» **Exercise aim**
The answer must consist of every line from the entries below that contains the word "auxE".

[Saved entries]
□ □ □
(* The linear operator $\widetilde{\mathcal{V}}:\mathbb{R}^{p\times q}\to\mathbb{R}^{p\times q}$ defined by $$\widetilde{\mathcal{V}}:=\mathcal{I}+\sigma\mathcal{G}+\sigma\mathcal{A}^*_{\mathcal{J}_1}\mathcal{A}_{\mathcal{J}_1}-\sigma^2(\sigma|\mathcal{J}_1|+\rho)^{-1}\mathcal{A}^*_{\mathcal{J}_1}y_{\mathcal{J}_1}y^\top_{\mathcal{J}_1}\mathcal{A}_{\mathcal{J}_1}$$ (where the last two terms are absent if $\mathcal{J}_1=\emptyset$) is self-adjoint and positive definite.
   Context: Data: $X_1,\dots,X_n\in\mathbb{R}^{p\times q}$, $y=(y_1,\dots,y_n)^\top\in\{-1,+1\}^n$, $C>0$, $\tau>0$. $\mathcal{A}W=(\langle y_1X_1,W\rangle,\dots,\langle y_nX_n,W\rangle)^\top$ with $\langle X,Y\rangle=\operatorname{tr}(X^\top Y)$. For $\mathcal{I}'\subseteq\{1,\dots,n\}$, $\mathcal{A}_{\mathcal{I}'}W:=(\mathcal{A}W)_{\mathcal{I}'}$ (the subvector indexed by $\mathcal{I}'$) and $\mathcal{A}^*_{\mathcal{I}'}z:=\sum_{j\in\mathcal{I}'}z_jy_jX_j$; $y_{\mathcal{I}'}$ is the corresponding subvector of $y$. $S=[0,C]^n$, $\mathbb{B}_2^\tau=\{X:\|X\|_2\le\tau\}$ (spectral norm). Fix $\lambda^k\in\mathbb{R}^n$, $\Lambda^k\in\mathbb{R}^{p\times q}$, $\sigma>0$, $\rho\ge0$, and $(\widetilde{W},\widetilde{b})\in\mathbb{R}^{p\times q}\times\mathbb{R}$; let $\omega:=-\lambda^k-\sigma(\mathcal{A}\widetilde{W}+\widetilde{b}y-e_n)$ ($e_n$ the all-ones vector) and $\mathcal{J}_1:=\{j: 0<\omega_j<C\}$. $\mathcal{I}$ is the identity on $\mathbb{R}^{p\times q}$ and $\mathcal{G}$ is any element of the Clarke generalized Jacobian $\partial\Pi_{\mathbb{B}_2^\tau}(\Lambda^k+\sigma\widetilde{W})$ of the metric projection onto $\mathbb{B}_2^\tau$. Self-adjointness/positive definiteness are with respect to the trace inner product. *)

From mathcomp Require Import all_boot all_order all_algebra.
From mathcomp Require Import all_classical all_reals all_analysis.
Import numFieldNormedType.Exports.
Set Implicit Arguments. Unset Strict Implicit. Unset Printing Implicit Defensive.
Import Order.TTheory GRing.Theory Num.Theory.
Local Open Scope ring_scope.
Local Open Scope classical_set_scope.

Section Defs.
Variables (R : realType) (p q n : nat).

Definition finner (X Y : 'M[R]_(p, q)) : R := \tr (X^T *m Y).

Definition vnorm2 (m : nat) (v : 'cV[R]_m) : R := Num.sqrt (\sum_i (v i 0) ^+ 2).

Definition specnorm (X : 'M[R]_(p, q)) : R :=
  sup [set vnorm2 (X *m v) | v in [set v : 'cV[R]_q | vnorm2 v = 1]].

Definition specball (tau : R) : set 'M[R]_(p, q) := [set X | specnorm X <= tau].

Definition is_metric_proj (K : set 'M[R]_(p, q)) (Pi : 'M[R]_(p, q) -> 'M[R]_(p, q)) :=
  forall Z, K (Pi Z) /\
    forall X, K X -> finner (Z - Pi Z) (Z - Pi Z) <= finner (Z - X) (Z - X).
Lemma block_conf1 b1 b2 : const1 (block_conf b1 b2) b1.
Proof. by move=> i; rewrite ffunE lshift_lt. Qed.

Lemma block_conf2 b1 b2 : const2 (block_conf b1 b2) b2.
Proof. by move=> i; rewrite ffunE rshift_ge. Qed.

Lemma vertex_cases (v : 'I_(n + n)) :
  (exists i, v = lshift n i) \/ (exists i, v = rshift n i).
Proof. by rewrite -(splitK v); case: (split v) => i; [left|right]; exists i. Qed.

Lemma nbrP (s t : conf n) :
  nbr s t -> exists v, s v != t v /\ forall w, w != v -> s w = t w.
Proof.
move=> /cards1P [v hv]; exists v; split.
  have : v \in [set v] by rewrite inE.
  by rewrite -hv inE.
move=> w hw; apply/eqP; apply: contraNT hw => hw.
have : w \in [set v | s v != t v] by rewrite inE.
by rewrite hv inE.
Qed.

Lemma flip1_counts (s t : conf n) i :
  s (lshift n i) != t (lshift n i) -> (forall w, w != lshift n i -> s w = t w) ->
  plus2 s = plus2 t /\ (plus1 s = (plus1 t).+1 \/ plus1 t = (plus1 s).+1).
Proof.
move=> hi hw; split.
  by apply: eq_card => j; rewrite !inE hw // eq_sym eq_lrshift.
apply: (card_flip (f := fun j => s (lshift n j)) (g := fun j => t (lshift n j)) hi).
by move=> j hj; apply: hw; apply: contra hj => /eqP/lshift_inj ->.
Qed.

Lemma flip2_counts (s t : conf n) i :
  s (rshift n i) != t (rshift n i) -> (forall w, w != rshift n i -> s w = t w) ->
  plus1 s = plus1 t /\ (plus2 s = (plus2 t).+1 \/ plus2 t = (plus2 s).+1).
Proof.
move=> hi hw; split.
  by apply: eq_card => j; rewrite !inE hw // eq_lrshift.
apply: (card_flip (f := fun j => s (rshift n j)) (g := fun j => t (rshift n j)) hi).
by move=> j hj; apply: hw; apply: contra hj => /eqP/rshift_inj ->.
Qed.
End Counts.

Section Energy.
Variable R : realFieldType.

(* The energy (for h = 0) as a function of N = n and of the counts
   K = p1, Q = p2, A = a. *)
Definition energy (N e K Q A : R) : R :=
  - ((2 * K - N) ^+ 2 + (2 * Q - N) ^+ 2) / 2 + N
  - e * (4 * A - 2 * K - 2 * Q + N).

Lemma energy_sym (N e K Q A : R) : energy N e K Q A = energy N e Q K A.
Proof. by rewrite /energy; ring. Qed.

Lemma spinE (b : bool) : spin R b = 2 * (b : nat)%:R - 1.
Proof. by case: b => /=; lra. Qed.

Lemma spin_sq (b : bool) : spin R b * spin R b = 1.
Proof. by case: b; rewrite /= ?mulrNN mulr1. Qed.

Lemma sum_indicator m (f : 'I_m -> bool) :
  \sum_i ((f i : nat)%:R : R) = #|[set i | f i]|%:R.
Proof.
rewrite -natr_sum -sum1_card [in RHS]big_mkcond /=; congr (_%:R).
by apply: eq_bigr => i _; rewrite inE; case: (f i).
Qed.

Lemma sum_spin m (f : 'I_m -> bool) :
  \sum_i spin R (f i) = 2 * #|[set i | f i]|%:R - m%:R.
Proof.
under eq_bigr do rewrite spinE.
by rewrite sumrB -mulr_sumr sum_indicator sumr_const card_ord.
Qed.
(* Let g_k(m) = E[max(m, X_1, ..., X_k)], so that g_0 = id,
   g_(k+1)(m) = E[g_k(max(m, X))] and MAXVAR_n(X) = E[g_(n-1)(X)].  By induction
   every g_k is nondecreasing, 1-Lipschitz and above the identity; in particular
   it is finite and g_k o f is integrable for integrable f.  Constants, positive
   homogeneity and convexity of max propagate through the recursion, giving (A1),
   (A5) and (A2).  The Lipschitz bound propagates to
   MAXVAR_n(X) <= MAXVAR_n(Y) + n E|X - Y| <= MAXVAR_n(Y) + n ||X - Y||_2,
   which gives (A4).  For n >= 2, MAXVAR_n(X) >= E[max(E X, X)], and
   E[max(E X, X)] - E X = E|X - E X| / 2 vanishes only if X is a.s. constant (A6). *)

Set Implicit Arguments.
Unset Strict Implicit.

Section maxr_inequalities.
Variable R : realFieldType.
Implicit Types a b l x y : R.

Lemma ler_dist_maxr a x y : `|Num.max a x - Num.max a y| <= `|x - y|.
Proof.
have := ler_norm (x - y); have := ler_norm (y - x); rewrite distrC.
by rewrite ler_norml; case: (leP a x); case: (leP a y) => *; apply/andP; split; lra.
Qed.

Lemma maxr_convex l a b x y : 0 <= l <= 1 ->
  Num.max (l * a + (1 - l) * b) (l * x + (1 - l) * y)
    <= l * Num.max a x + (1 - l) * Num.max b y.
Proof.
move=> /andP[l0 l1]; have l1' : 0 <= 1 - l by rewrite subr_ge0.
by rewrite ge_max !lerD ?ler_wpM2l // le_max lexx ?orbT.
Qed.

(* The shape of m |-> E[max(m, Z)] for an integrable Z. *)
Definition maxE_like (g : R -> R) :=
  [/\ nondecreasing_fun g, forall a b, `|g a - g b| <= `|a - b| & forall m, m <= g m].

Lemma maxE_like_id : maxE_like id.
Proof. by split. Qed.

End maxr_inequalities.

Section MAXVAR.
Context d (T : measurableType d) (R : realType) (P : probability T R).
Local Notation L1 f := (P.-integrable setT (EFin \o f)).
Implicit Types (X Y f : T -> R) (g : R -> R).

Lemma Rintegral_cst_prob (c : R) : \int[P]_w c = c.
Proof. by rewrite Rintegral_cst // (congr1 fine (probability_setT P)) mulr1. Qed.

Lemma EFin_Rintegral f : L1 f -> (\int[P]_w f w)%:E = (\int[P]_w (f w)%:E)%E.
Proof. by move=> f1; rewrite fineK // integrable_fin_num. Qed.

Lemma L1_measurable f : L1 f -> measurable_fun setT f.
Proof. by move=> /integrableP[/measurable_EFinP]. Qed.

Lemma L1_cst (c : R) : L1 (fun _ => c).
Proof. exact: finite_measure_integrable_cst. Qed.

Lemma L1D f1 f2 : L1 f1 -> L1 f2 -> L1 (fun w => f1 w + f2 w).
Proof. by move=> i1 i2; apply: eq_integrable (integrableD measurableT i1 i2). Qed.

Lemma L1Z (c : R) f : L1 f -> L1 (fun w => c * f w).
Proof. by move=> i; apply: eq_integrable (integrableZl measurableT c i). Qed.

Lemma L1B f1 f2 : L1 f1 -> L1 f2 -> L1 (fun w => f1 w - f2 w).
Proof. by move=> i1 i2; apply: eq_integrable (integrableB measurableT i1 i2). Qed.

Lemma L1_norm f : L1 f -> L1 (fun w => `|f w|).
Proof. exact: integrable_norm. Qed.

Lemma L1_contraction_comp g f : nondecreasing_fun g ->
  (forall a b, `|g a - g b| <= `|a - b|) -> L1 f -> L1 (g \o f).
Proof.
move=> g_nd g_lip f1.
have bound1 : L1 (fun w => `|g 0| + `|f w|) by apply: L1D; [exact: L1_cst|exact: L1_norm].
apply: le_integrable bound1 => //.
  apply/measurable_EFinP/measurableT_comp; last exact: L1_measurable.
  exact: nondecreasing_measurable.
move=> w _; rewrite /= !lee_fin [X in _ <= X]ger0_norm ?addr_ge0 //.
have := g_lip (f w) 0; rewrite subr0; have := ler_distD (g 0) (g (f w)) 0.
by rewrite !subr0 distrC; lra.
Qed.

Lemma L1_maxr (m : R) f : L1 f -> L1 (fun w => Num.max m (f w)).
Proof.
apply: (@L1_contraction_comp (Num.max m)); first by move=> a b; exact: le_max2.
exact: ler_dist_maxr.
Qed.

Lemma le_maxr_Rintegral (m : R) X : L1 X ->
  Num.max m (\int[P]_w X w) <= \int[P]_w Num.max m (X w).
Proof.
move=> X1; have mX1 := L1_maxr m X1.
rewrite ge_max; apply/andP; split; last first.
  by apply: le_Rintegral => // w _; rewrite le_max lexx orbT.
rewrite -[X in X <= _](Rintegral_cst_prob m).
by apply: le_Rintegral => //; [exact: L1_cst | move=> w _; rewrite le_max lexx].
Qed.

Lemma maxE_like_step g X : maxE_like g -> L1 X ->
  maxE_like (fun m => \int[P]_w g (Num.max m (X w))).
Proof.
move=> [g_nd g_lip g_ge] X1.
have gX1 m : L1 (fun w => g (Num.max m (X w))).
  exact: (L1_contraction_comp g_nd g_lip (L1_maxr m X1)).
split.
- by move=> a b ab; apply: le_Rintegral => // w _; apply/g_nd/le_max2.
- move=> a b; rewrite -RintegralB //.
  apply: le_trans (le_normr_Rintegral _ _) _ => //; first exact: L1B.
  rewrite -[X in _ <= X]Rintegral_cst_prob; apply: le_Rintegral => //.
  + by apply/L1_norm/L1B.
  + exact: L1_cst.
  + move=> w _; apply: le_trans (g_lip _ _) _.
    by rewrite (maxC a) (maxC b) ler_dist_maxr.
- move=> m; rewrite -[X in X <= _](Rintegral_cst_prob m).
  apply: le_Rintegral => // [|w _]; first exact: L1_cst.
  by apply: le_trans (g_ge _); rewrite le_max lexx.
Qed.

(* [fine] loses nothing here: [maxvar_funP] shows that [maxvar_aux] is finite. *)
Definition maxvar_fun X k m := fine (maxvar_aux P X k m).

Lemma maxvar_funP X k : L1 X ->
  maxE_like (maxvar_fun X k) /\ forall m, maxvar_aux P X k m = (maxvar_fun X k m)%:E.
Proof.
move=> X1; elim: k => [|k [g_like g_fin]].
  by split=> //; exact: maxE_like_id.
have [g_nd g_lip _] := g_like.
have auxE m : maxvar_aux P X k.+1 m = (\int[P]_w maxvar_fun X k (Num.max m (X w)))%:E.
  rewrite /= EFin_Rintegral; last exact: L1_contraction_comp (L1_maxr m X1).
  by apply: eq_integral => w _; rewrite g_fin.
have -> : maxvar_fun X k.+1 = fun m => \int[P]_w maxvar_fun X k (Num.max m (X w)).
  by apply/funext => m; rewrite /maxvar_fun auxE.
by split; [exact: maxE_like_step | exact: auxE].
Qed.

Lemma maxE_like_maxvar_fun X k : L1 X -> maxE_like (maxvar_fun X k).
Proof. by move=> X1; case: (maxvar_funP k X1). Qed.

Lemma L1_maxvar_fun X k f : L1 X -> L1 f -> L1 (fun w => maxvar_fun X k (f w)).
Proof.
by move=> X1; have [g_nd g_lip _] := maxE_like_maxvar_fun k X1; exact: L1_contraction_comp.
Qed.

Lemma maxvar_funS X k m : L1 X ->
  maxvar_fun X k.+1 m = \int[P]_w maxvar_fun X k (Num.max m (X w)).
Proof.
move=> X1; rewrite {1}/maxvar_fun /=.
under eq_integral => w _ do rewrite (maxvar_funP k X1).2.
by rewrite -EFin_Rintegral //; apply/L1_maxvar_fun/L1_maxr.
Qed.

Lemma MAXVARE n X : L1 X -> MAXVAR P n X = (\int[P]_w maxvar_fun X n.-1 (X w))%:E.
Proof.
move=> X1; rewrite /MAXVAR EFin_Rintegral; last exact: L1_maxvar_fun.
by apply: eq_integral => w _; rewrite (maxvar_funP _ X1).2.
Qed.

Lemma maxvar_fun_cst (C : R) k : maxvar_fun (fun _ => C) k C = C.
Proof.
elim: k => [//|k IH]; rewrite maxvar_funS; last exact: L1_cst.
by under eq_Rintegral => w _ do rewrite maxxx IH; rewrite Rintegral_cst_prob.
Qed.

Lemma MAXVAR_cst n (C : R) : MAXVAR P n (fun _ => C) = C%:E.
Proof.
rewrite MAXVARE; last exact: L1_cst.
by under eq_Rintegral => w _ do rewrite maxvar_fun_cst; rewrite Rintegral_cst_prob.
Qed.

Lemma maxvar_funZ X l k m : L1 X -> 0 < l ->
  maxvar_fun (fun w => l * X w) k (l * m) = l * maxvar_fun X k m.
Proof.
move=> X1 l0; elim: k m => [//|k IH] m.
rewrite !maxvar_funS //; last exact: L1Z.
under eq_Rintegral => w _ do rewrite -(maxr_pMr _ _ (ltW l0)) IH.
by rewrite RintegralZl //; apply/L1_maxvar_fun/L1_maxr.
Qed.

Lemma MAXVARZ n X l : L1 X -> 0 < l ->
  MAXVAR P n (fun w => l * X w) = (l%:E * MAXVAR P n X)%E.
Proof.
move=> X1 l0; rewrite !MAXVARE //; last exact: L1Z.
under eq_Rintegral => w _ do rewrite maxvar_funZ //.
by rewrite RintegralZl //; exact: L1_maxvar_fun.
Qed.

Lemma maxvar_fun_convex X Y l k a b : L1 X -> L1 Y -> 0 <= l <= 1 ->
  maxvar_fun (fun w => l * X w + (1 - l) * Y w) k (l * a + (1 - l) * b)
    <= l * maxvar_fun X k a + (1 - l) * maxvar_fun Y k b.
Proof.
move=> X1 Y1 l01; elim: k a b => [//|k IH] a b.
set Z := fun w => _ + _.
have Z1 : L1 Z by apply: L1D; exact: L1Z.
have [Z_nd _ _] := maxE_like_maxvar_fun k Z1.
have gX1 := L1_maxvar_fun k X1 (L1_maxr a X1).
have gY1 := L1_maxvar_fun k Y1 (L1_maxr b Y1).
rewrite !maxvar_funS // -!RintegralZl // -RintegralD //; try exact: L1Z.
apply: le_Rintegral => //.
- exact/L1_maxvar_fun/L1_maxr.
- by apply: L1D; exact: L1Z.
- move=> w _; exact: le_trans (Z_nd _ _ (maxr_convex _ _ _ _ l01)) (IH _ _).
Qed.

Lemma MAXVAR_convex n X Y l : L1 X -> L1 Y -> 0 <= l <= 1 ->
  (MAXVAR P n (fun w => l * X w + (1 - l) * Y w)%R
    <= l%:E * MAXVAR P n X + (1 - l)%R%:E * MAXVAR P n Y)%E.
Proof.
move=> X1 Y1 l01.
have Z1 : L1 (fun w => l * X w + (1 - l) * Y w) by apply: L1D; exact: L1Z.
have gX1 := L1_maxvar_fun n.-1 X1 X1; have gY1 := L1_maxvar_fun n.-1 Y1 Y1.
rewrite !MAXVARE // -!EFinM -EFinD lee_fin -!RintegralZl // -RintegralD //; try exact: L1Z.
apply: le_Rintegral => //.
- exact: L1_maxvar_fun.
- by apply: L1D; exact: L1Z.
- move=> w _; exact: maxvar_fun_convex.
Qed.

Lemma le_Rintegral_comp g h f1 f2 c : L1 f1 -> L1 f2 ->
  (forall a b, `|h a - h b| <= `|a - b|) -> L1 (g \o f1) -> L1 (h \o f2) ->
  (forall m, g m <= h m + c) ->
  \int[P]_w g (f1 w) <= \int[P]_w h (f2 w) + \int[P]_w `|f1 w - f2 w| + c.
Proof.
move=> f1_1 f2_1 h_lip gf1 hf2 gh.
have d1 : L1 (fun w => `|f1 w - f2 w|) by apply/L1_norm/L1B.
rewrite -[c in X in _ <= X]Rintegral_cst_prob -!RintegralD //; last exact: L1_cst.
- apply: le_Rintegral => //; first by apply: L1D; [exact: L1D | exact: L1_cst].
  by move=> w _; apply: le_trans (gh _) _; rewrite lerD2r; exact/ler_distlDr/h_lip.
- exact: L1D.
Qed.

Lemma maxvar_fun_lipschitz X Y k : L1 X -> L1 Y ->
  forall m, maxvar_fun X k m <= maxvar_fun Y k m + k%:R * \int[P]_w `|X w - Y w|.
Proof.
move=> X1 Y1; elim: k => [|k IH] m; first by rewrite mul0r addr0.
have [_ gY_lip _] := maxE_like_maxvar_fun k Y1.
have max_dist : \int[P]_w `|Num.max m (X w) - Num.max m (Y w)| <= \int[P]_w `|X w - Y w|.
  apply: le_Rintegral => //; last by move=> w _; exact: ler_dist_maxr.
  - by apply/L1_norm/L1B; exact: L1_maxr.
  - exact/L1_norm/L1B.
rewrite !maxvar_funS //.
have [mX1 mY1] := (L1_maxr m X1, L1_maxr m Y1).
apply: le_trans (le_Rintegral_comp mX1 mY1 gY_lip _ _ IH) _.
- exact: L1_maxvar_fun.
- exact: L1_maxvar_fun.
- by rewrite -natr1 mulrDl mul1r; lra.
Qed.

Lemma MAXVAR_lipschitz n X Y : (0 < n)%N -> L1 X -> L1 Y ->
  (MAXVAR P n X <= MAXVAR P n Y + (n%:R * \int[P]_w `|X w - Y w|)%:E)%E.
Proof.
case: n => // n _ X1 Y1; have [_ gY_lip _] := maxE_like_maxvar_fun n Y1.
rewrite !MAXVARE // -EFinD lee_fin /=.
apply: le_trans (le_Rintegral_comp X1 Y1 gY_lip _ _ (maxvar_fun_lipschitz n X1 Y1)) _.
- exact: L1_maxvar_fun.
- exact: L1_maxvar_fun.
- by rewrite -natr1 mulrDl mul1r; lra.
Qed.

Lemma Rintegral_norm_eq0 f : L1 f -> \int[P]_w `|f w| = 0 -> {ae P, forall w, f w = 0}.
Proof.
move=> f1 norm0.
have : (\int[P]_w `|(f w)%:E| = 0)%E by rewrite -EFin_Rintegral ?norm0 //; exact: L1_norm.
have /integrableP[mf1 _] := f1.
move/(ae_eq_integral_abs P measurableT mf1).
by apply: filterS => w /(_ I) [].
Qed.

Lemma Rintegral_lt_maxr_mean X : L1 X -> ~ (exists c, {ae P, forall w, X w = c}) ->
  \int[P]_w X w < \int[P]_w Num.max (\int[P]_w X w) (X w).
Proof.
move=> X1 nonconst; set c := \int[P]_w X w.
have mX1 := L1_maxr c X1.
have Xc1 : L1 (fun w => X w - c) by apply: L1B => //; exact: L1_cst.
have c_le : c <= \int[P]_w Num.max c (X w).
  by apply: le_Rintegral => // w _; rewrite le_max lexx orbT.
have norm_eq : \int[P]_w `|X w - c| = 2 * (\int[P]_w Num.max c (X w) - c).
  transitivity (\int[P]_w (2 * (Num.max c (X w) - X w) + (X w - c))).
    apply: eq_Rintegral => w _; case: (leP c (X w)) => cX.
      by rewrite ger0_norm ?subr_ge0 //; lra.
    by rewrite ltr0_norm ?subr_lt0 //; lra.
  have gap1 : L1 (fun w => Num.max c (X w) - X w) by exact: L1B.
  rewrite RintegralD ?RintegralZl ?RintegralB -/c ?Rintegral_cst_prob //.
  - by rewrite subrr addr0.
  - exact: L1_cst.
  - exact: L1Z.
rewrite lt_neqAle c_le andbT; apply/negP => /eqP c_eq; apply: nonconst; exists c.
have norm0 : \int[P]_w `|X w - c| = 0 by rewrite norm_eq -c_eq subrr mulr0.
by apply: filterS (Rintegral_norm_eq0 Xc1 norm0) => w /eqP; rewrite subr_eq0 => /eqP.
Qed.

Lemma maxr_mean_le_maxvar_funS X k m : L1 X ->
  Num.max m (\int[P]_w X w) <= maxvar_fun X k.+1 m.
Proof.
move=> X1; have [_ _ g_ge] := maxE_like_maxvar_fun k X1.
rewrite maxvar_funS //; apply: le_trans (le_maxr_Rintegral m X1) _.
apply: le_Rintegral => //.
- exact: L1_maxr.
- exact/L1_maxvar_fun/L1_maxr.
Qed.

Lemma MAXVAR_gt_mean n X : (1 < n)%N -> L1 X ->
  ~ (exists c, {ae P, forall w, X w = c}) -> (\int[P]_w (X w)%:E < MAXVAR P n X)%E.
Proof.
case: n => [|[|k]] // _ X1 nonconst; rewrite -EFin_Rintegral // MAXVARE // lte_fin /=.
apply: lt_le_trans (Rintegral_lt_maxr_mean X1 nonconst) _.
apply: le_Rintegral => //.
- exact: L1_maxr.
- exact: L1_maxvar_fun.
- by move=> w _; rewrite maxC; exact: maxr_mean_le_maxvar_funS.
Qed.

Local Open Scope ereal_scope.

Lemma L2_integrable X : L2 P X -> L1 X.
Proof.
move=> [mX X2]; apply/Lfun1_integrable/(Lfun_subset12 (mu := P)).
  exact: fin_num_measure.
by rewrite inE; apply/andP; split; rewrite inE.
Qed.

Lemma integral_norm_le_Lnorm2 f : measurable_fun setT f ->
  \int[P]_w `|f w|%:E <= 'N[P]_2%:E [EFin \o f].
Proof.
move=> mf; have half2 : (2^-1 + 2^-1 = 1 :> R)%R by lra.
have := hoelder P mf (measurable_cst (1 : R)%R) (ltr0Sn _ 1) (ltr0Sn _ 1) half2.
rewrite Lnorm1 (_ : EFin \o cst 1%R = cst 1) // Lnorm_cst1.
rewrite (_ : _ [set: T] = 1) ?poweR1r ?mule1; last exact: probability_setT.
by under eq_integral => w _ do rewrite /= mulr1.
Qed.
□ □ □
» **Answer**
have auxE m : maxvar_aux P X k.+1 m = (\int[P]_w maxvar_fun X k (Num.max m (X w)))%:E.
  by apply/funext => m; rewrite /maxvar_fun auxE.
by split; [exact: maxE_like_step | exact: auxE].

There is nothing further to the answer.